In the same way, the monophosphoryl lipid A (MPL) from Salmonella enterica has been currently used as adjuvant in the vaccine formulation used against anti-cervical carcinoma [41].
Moreover, bacterial derived pyridoxine, a group B vitamin, can stimulate host’s antitumoral immunosurveillance [42].
Several commensal bacteria play a probiotic role thanks to their capability to confer health benefits, either protecting against gut dysbiosis or enhancing host’s immune defense mechanisms [22,24].
The administration of such probiotics, as for example Mutaflor (Escherichia coli Nissle 1917) combined with the intestinal antibiotic rifaximin, demonstrated a clear anti-inflammatory activity, enhancing the anti-inflammatory effect of rifaximin in a rat model of inflammatory bowel disease [43].
Additionally, many probiotics have shown a potential antineoplastic activity.
For example, probiotics or probiotics-derived metabolites administered to mice can, in turn, to inhibit tumor growth.

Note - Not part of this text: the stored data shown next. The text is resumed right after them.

(* Products are in the right-action order: as maps, f g = fun e => g (f e).
   Write c = y_10.  The inclusion S <= ker psi holds because every generator
   x_s, p_n, y_10 y_110^-1 of S has psi = 0.  Conversely we show Shat = S <c>:
   every f in Shat is f = h c^k with h in S, so psi f = psi h + k = k and
   psi f = 0 forces f = h in S.  This rests on two facts.
   (a) All y_s lie in one right coset of S, i.e. y_a y_b^-1 is in S for all a, b.
       Conjugating y_a y_b^-1 by an element of S carrying cones a', b' onto the
       cones a, b gives y_a' y_b'^-1.  Starting from y_10 y_110^-1, the powers of
       p_2 relate the cones 0, 10, 110, 111, the elements x_1s reach every subcone
       of 1, p_0 swaps the cones 0 and 1, and the relation y = x y_0 y_10^-1 y_11
       (valid in every cone) handles the cone 1 and the whole space.
   (b) S is normalised by c: each generator g of S either commutes with some y_b
       that also commutes with c, or carries a cone disjoint from 10 onto 10; in
       both cases the conjugates of g by c differ from g by factors y_a y_b^-1.
   The file develops, in order: maps acting in a cone; x, y and their inverses;
   generated groups; the relation "y_a, y_b in the same coset"; normality of S
   under c; the decomposition Shat = S <c>; the kernel computation. *)

From Stdlib Require Import List ZArith Lia FunctionalExtensionality Streams Bool.
Import ListNotations.

Lemma ccons_eta (e : Cantor) : e = ccons (e 0%nat) (cdrop 1 e).
Proof. apply functional_extensionality; intros [|n]; reflexivity. Qed.

Lemma cantor_case (P : Cantor -> Prop) : (forall b z, P (ccons b z)) -> forall e, P e.
Proof. intros H e; rewrite (ccons_eta e); apply H. Qed.
Lemma upper_cover_shadow b c z : covS (orig b) (orig c) -> covS (orig b) z ->
  z != orig c -> cov b (hi z) && (hi z != c).
Proof.
move=> bc bz zc; have /andP[_ zS] := covers_mem bz.
case: (boolP (dummy z)) => [dz | /(nondummy_orig sdP zS)[x ex]]; last first.
  rewrite ex (hi_orig sdP) -(inj_eq orig_inj) -ex zc andbT.
  by rewrite ex in bz; apply: covers_orig.
have lob : lo z = b by apply: orig_inj; rewrite -(below_dummy dz bz).
rewrite -{1}lob (dummy_covers sdP) //=.
by apply: contraNneq (dummy_not_covers zS dz) => hic; rewrite lob hic.
Qed.

Lemma Ndiag_orig p : p \in Ndiag S L -> exists b c, p = (orig b, orig c).
Proof.
case: p => p q; rewrite inE => /ndiagP[a [d [pq aq pd ad]]].
have /andP[pS qS] := covers_mem pq.
have /and4P[_ _ nad _] := ad.
have np : ~~ dummy p.
  apply/negP => dp; move: nad.
  by rewrite (above_dummy dp pd) -(above_dummy dp pq) (pltW (covers_plt aq)).
have nq : ~~ dummy q.
  apply/negP => dq; move: nad.
  by rewrite (below_dummy dq aq) -(below_dummy dq pq) (pltW (covers_plt pd)).
have [[b ->] [c ->]] := (nondummy_orig sdP pS np, nondummy_orig sdP qS nq).
by exists b, c.
Qed.

Lemma Ndiag_subdivision b c : (orig b, orig c) \in Ndiag S L ->
  exists a d, [/\ cov b c, cov a c && (a != b), cov b d && (d != c)
              & [|| nd (b, c), dummy_edge a c | dummy_edge b d]].
Proof.
rewrite inE => /ndiagP[a' [d' [bc a'c bd' a'd']]].
have /and4P[a'S d'S na'd' _] := a'd'.
have a'b : a' != orig b.
  by apply: contraNneq na'd' => ->; rewrite (pltW (covers_plt bd')).
have d'c : d' != orig c.
  by apply: contraNneq na'd' => ->; rewrite (pltW (covers_plt a'c)).
exists (lo a'), (hi d'); split.
- exact: covers_orig.
- exact: lower_cover_shadow bc a'c a'b.
- exact: upper_cover_shadow bc bd' d'c.
case: (boolP (dummy a')) => [da' | /(nondummy_orig sdP a'S)[a ea']].
  apply/or3P/Or32/existsP; exists a'; rewrite a'S da' eqxx /=.
  by apply/eqP/orig_inj; rewrite -(above_dummy da' a'c).
case: (boolP (dummy d')) => [dd' | /(nondummy_orig sdP d'S)[d ed']].
  apply/or3P/Or33/existsP; exists d'; rewrite d'S dd' eqxx andbT.
  by apply/eqP/orig_inj; rewrite -(below_dummy dd' bd').
apply/or3P/Or31/ndiagP; exists (lo a'), (hi d').
rewrite ea' ed' (lo_orig sdP) (hi_orig sdP) -incomp_orig -ea' -ed'.
by split=> //; apply: covers_orig; rewrite -?ea' -?ed'.
Qed.

Hypothesis dummy_ndiag : forall u, u \in S -> dummy u -> nd (lo u, hi u).

Lemma ndiag_of_dummy_edge a c : dummy_edge a c -> nd (a, c).
Proof.
by case/exists_inP => u uS /and3P[du /eqP <- /eqP <-]; apply: dummy_ndiag.
Qed.

Lemma ndiag_at_of_Ndiag_top a b c : (orig a, orig c) \in Ndiag S L ->
  cov b c -> b != a -> ndiag_at le b c.
Proof.
case/Ndiag_subdivision => a1 [d1 [ac /andP[a1c _] _ E]] bc ba.
rewrite /ndiag_at; case: (boolP [exists x, nd (x, c)]) => //= /existsPn noc.
case/or3P: E => [acN | /ndiag_of_dummy_edge a1cN | /ndiag_of_dummy_edge ad1].
- by move: (noc a); rewrite acN.
- by move: (noc a1); rewrite a1cN.
have ab : a != b by rewrite eq_sym.
by apply/existsP; exists d1; exact: (ndiag_shift_bottom leP ac bc ab noc ad1).
Qed.

Lemma ndiag_at_of_Ndiag_bottom b c d : (orig b, orig d) \in Ndiag S L ->
  cov b c -> c != d -> ndiag_at le b c.
Proof.
case/Ndiag_subdivision => a1 [d1 [bd /andP[a1d _] _ E]] bc cd.
rewrite /ndiag_at; case: (boolP [exists y, nd (b, y)]); rewrite ?orbT // => /existsPn nob.
case/or3P: E => [bdN | /ndiag_of_dummy_edge a1dN | /ndiag_of_dummy_edge bd1].
- by move: (nob d); rewrite bdN.
- have dc : d != c by rewrite eq_sym.
  apply/orP; left; apply/existsP; exists a1.
  exact: (ndiag_shift_top leP bd bc dc nob a1dN).
by move: (nob d1); rewrite bd1.
Qed.
Lemma lattice_chord a b c e s t : P a -> P b -> P c -> P e -> 0 <= s <= 1/4 ->
  zvec t = (fun i => 3/8 * (a i - b i) + s * (c i - e i)) ->
  exists y, P (zvec y) /\ P (zvec (fun i => y i + t i)%Z).
Proof.
move=> Pa Pb Pc Pe s_bd Et.
have [y [p Pp Ey]] := lattice_translate (fun i => 3/8 * b i + 1/4 * e i).
exists y; split.
  by rewrite Ey; apply: transport_ext (convex_comb3 Pp Pb Pe) _ => i; ring.
have Pce := @P_convex _ _ (4 * s) Pc Pe ltac:(lra).
apply: transport_ext (convex_comb3 Pp Pa Pce) _ => i; rewrite /zvec plus_IZR.
have := congr1 (fun f => f i) Ey; have := congr1 (fun f => f i) Et; rewrite /zvec => -> ->.
by field.
Qed.

Lemma lattice_shift_step x z1 z2 c e s g :
  homothety P (3/8) x (zvec z1) ->
  homothety P (3/8) (fun i => x i + s * (c i - e i)) (zvec z2) ->
  P c -> P e -> 0 <= s <= 1/4 ->
  int_affine_comb P g -> int_affine_comb P (fun i => g i + z2 i - z1 i)%Z.
Proof.
move=> [p1 Pp1 E1] [p2 Pp2 E2] Pc Pe s_bd Gg.
have [|y [Py Pyt]] := @lattice_chord p2 p1 c e s (fun i => z2 i - z1 i)%Z Pp2 Pp1 Pc Pe s_bd.
  apply: functional_extensionality => i; rewrite /zvec minus_IZR.
  have := congr1 (fun f => f i) E1; have := congr1 (fun f => f i) E2; rewrite /zvec => -> ->.
  by field.
by apply: transport_ext (int_affine_comb_chord Gg Py Pyt) _ => i; lia.
Qed.

Lemma lattice_shift_reachable D : step_reachable P D ->
  forall x z1 z2 g, homothety P (3/8) x (zvec z1) ->
  homothety P (3/8) (fun i => x i + D i) (zvec z2) ->
  int_affine_comb P g -> int_affine_comb P (fun i => g i + z2 i - z1 i)%Z.
Proof.
elim: D / => [|D c e s _ IHD Pc Pe s_bd] x z1 z2 g hom1 hom2 Gg.
- have [p Pp _] := hom1.
  rewrite (_ : (fun i => x i + 0) = fun i => x i + 0 * (p i - p i)) in hom2.
    by apply: (lattice_shift_step hom1 hom2 Pp Pp _ Gg); lra.
  by apply: functional_extensionality => i; ring.
- have [zm homm] := lattice_translate (fun i => x i + D i).
  rewrite (_ : (fun i => _) = fun i => (x i + D i) + s * (c i - e i)) in hom2; last first.
    by apply: functional_extensionality => i; ring.
  have Gm := IHD _ _ _ _ hom1 homm Gg.
  by apply: transport_ext (lattice_shift_step homm hom2 Pc Pe s_bd Gm) _ => i; lia.
Qed.

Lemma int_affine_comb_reachable p z : P (zvec p) ->
  step_reachable P (fun i => IZR (z i) - IZR (p i)) -> int_affine_comb P z.
Proof.
move=> Pp reach_zp; have [z1 hom1] := lattice_translate (fun _ => 0).
have hom2 : homothety P (3/8) (fun i => 0 + (IZR (z i) - IZR (p i)))
    (zvec (fun i => z1 i + z i - p i)%Z).
  have [q Pq E1] := hom1; exists q => //; apply: functional_extensionality => i.
  rewrite /zvec minus_IZR plus_IZR.
  by have := congr1 (fun f => f i) E1; rewrite /zvec => ->; ring.
have Gz := lattice_shift_reachable reach_zp hom1 hom2 (int_affine_comb_pt Pp).
by apply: transport_ext Gz _ => i; lia.
Qed.

End LatticeChords.

Lemma step_reachable_cone d (P : rpoint d -> Prop) D c e r :
  step_reachable P D -> P c -> P e -> 0 <= r ->
  step_reachable P (fun i => D i + r * (c i - e i)).
Proof.
move=> reachD Pc Pe r_ge0; have [N N_gt] := INR_unbounded (4 * r).
have N_gt0 : 0 < INR N by lra.
have step_bd : 0 <= r / INR N <= 1/4.
  split; first by apply: Rmult_le_pos => //; apply/Rlt_le/Rinv_0_lt_compat.
  by apply: (Rmult_le_reg_r (INR N)) => //; rewrite /Rdiv Rmult_assoc Rinv_l; lra.
have iter n : step_reachable P (fun i => D i + INR n * (r / INR N) * (c i - e i)).
  elim: n => [|n IHn]; first by apply: transport_ext reachD _ => i /=; ring.
  by apply: transport_ext (reach_step IHn Pc Pe step_bd) _ => i; rewrite S_INR; ring.
by apply: transport_ext (iter N) _ => i; field; lra.
Qed.
Lemma eq_gram m n (Z : 'M[R]_(m, n)) d e :
  (forall k, d k = e k) -> gram Z d = gram Z e.
Proof.
move=> de; rewrite /gram; congr (_ *m diag_mx _ *m _).
by apply/rowP => k; rewrite !mxE.
Qed.

Lemma tr_gram m n (Z : 'M[R]_(m, n)) d : (gram Z d)^T = gram Z d.
Proof. by rewrite !trmx_mul tr_diag_mx trmxK mulmxA. Qed.

Lemma gram_quadE m n (Z : 'M[R]_(m, n)) d (u : 'rV_n) :
  (u *m gram Z d *m u^T) 0 0 = \sum_k d k * ((Z *m u^T) k 0) ^+ 2.
Proof.
have -> : u *m gram Z d *m u^T
          = (Z *m u^T)^T *m diag_mx (\row_k d k) *m (Z *m u^T).
  by rewrite trmx_mul trmxK !mulmxA.
by rewrite mxE; apply: eq_bigr => k _; rewrite mul_mx_diag !mxE; ring.
Qed.

Lemma gram_mulmx m n q (Z : 'M[R]_(m, n)) (S : 'M_(n, q)) d :
  gram (Z *m S) d = S^T *m gram Z d *m S.
Proof. by rewrite /gram trmx_mul !mulmxA. Qed.

Lemma gram_lin m n (Z : 'M[R]_(m, n)) d e (s t : R) :
  gram Z (fun k => s * d k + t * e k) = s *: gram Z d + t *: gram Z e.
Proof.
rewrite /gram; have -> : diag_mx (\row_k (s * d k + t * e k))
          = s *: diag_mx (\row_k d k) + t *: diag_mx (\row_k e k).
  apply/matrixP => k l; rewrite !mxE.
  by case: (k == l); rewrite /= ?mulr1n ?mulr0n; ring.
by rewrite mulmxDr mulmxDl -!scalemxAr -!scalemxAl.
Qed.

Lemma gram_delta m n (Z : 'M[R]_(m, n)) (i : 'I_m) :
  gram Z (fun k => (k == i)%:R) = (row i Z)^T *m row i Z.
Proof.
rewrite /gram; have -> : diag_mx (\row_k (k == i)%:R) = delta_mx i i :> 'M[R]_m.
  apply/matrixP => k l; rewrite !mxE.
  have [<-|kl] := eqVneq k l; first by rewrite andbb.
  by have [ki|] := eqVneq k i; rewrite // -ki eq_sym (negPf kl).
by rewrite -(@mul_delta_mx R m 1 m 0 i i) rowE trmx_mul trmx_delta !mulmxA.
Qed.

Lemma posdef_gram m n (Z : 'M[R]_(m, n)) d :
  (forall k, 0 <= d k) -> \det (gram Z d) != 0 -> posdef (gram Z d).
Proof.
move=> d_ge0 det_neq0 u u_neq0.
have terms_ge0 k : 0 <= d k * ((Z *m u^T) k 0) ^+ 2 by rewrite mulr_ge0 ?sqr_ge0.
rewrite lt_def gram_quadE sumr_ge0 // andbT; apply/negP => /eqP /psumr_eq0P.
move=> /(_ (fun k _ => terms_ge0 k)) quad0; move: det_neq0; apply/negP/negPn.
have DZu : diag_mx (\row_k d k) *m (Z *m u^T) = 0.
  apply/matrixP => k l; have /eqP := quad0 k isT.
  rewrite (ord1 l) mul_diag_mx !mxE mulf_eq0 sqrf_eq0.
  by case/orP => /eqP ->; rewrite ?mul0r ?mulr0.
apply/det0P; exists u => //; rewrite -tr_gram -[u]trmxK -trmx_mul.
by rewrite /gram -!mulmxA DZu mulmx0 trmx0.
Qed.

Lemma det_gram_ge0 m n (Z : 'M[R]_(m, n)) d :
  (forall k, 0 <= d k) -> 0 <= \det (gram Z d).
Proof.
move=> d_ge0; have [->//|det_neq0] := eqVneq (\det (gram Z d)) 0.
by apply/ltW/posdef_det_gt0; [exact: tr_gram | exact: posdef_gram].
Qed.

Lemma posdef_gram_dom m n (Z : 'M[R]_(m, n)) d e (c : R) :
  0 < c -> (forall k, c * d k <= e k) -> posdef (gram Z d) -> posdef (gram Z e).
Proof.
move=> c_gt0 de Zpd u u_neq0.
apply: (lt_le_trans (mulr_gt0 c_gt0 (Zpd u u_neq0))).
rewrite !gram_quadE mulr_sumr; apply: ler_sum => k _.
by rewrite mulrA ler_wpM2r ?sqr_ge0.
Qed.

End Gram.

Section RankOneUpdate.
Variable R : realFieldType.

Lemma det_rank1 n (y : 'rV[R]_n.+2) : \det (y^T *m y) = 0.
Proof.
have yyE := mul_row_col y^T (0 : 'M[R]_(n.+2, n.+1)) y (0 : 'M[R]_(n.+1, n.+2)).
rewrite mulmx0 addr0 in yyE.
rewrite -yyE (@det_mulmx _ n.+2) (expand_det_col _ (rshift 1 (0 : 'I_n.+1))).
by rewrite big1 ?mul0r // => k _; rewrite row_mxEr mxE mul0r.
Qed.

(* The bordered matrix [1, -u y; y^T, A] has determinant det (A + u y^T y),
   and is affine in u by multilinearity in its first row. *)
Lemma det_add_rank1_affine N (A : 'M[R]_N) (y : 'rV_N) :
  exists q, forall u, \det (A + u *: (y^T *m y)) = \det A + u * q.
Proof.
exists (\det (block_mx (0 : 'M[R]_1) (- y) y^T A)) => u.
pose Z (v : R) := block_mx (1%:M : 'M[R]_1) (- (v *: y)) y^T A.
have ZE v : \det (A + v *: (y^T *m y)) = \det (Z v).
  have mulE : Z v *m block_mx 1%:M (v *: y) 0 1%:M
           = block_mx 1%:M 0 y^T (A + v *: (y^T *m y)).
    by rewrite mulmx_block !mulmx1 !mulmx0 !addr0 mul1mx subrr -scalemxAr addrC.
  have := congr1 determinant mulE.
  by rewrite det_mulmx det_ublock det_lblock !det1 !mul1r !mulr1 => ->.
have -> : \det A = \det (Z 0) by rewrite -ZE scale0r addr0.
rewrite ZE -[\det (Z 0)]mul1r.
apply: (@determinant_multilinear _ _ _ _ _ (lshift N (0 : 'I_1))).
- rewrite /Z !block_mxEv !rowKu !row_id !scale_row_mx add_row_mx !scale1r.
  by rewrite !scaler0 addr0 scale0r oppr0 add0r scalerN.
- by rewrite /Z !block_mxEv !row'Ku; f_equal; apply/matrixP => -[].
- by rewrite /Z !block_mxEv !row'Ku; f_equal; apply/matrixP => -[].
Qed.

Lemma det_scale_add_rank1 n (A : 'M[R]_n.+1) (y : 'rV_n.+1) :
  exists q, forall s t,
    \det (s *: A + t *: (y^T *m y)) = s ^+ n.+1 * \det A + t * s ^+ n * q.
Proof.
have [q detE] := det_add_rank1_affine A y; exists q => s t.
have [->|s_neq0] := eqVneq s 0.
  rewrite scale0r add0r detZ expr0n /= mul0r add0r.
  case: n A y detE => [|n] A y detE; last first.
    by rewrite det_rank1 expr0n /= !(mulr0, mul0r).
  have := detE 1; rewrite scale1r mul1r !det_mx11 mxE => /addrI <-.
  by rewrite expr1 expr0 mulr1.
have -> : s *: A + t *: (y^T *m y) = s *: (A + (t / s) *: (y^T *m y)).
  by rewrite scalerDr scalerA mulrCA divff // mulr1.
by rewrite detZ detE exprS; field.
Qed.

End RankOneUpdate.

Section WeightPath.
Variables (R : realFieldType) (m : nat) (w : 'I_m -> R) (i : 'I_m).
Hypotheses (w_ge0 : forall k, 0 <= w k) (wi_lt1 : w i < 1).

Lemma wpath_ge0 x k : 0 <= x <= 1 -> 0 <= wpath w i x k.
Proof.
move=> /andP[x_ge0 x_le1]; rewrite /wpath; case: eqP => // _.
by rewrite mulr_ge0 // divr_ge0 // subr_ge0 // ltW.
Qed.

Lemma wpath_self k : wpath w i (w i) k = w k.
Proof.
have wi_neq1 : 1 - w i != 0 by rewrite subr_eq0 eq_sym lt_eqF.
by rewrite /wpath; case: eqP => [->|_]; rewrite ?divff ?mul1r.
Qed.

Lemma wpathE x k : wpath w i x k = (1 - x) * wpath w i 0 k + x * (k == i)%:R.
Proof. by rewrite /wpath; case: eqP => _; rewrite /=; ring. Qed.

One good example is ferricrome metabolite secreted from Lactobacillus casei, able to trigger apoptosis in tumor cells via JNK pathway direct activation [44].
It has been also reported in several studies that Lactobacilli may stimulate host’s immune cells such as NK cells or dendritic cells (DC) or TH1 response, which, in turn, leads to the elimination of cancerous or precancerous cells, although the exact bacterial bioproduct mediating such stimulatory effect still needs to be identified [45,46,47,48].
A summary of the gut microbiome anti-cancer functions is illustrated in Figure 1.

Anti-tumoral effects of the gut microbiota. Probiotics and other gut resident bacteria are able to secrete molecules, capable, in turn, to fight tumor growth and prevent tumorigenesis through several mechanisms. Schematic of the intestinal layers, from top to bottom: mucus and microbiota, gut epithelium. Into the grey boxes are illustrated, from top to bottom, the microorganism species implicated in the anti-cancer process, the molecules produced and the corresponding effects induced within the host. Abbreviations: MPL, monophosphoryl lipid A; LPS, lipopolysaccharide.
Gut Microbiota as a Tumor-Promoter
Gut dysbiosis and the consequent development of pathogenic populations within the gut microbiota, may contribute to a wide variety of pathologies, even in sites distant from the gut, ranging from bowel inflammation, to neurodegenerative diseases (including Parkinson’s disease) and cancer [43,49,50].
Regarding cancer, within a dysbiotic gut, certain bacterial pathogens can negatively affect either the host’s metabolism or the host’s gut and immune system functionalities, thereby triggering tumor growth [51].
Importantly, gastro-intestinal dysbiosis has been linked with both local and distant tumors [52].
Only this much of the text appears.